| Source material |
══════════════════════════════

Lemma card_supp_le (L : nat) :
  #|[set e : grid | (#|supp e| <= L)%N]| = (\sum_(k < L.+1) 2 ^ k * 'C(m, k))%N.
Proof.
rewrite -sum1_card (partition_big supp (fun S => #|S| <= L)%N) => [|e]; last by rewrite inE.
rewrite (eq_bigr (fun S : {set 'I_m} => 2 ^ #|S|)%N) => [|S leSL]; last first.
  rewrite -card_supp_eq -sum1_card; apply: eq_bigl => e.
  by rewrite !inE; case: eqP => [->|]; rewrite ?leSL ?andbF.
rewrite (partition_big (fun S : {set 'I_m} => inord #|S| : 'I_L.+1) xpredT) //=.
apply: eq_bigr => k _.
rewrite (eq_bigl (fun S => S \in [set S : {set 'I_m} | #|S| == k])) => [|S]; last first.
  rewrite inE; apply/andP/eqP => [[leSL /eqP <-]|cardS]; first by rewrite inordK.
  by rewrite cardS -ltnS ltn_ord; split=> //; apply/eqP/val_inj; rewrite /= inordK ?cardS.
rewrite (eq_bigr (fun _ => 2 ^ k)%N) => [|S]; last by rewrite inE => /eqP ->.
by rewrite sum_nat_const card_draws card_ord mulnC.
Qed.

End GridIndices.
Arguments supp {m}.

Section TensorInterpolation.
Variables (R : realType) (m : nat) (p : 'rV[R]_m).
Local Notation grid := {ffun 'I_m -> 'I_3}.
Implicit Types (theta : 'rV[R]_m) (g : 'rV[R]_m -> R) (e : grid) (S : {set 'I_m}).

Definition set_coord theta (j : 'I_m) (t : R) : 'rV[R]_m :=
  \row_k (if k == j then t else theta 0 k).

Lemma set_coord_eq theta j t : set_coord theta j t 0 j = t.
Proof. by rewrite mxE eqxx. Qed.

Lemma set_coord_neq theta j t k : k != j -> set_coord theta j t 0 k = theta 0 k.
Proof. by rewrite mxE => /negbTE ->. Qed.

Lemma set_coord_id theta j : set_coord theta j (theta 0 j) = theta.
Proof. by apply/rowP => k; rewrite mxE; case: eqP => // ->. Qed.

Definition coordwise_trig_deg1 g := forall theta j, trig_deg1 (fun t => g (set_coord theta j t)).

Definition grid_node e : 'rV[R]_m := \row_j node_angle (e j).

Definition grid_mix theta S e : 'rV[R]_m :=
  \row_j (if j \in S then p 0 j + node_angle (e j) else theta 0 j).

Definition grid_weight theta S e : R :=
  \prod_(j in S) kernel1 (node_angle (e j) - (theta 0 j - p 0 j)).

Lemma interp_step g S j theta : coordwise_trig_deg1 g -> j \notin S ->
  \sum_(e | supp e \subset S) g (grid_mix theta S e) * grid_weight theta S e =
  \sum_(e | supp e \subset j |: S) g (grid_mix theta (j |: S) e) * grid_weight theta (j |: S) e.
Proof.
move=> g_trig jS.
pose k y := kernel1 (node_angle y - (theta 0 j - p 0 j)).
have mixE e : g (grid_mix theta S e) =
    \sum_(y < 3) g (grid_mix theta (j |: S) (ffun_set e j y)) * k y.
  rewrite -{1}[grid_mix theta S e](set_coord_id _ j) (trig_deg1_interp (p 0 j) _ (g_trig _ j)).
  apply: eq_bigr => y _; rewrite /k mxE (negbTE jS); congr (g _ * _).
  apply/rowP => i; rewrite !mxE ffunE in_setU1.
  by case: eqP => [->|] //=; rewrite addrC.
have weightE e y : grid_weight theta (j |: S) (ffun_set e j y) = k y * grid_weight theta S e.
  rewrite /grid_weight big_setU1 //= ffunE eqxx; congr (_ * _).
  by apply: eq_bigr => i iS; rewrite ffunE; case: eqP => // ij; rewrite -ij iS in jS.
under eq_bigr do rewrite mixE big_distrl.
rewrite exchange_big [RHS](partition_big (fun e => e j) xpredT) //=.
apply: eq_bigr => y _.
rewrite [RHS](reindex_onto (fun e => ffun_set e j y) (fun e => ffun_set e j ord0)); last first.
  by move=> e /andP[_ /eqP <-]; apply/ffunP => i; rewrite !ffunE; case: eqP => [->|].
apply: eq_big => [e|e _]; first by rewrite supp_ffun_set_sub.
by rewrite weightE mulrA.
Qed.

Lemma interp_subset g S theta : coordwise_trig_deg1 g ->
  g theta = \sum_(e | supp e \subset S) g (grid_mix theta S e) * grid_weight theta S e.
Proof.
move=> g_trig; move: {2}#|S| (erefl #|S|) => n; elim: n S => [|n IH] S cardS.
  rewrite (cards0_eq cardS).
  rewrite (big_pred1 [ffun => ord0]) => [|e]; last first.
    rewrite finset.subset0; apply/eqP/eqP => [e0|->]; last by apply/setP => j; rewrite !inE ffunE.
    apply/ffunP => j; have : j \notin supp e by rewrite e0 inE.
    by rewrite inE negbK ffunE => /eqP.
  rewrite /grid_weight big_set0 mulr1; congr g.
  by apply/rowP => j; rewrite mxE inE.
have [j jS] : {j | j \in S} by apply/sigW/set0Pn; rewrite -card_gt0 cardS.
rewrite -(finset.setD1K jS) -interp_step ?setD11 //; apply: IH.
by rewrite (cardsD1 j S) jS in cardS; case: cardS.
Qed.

══════════════════════════════

| What this task involves |
Among the records above, a stretch begins at the line containing "rewrite inE; apply/andP/eqP" and ends at the line containing "Local Notation grid". Restate that stretch word for word, and nothing else.

| Your solution |
  rewrite inE; apply/andP/eqP => [[leSL /eqP <-]|cardS]; first by rewrite inordK.
  by rewrite cardS -ltnS ltn_ord; split=> //; apply/eqP/val_inj; rewrite /= inordK ?cardS.
rewrite (eq_bigr (fun _ => 2 ^ k)%N) => [|S]; last by rewrite inE => /eqP ->.
by rewrite sum_nat_const card_draws card_ord mulnC.
Qed.

End GridIndices.
Arguments supp {m}.

Section TensorInterpolation.
Variables (R : realType) (m : nat) (p : 'rV[R]_m).
Local Notation grid := {ffun 'I_m -> 'I_3}.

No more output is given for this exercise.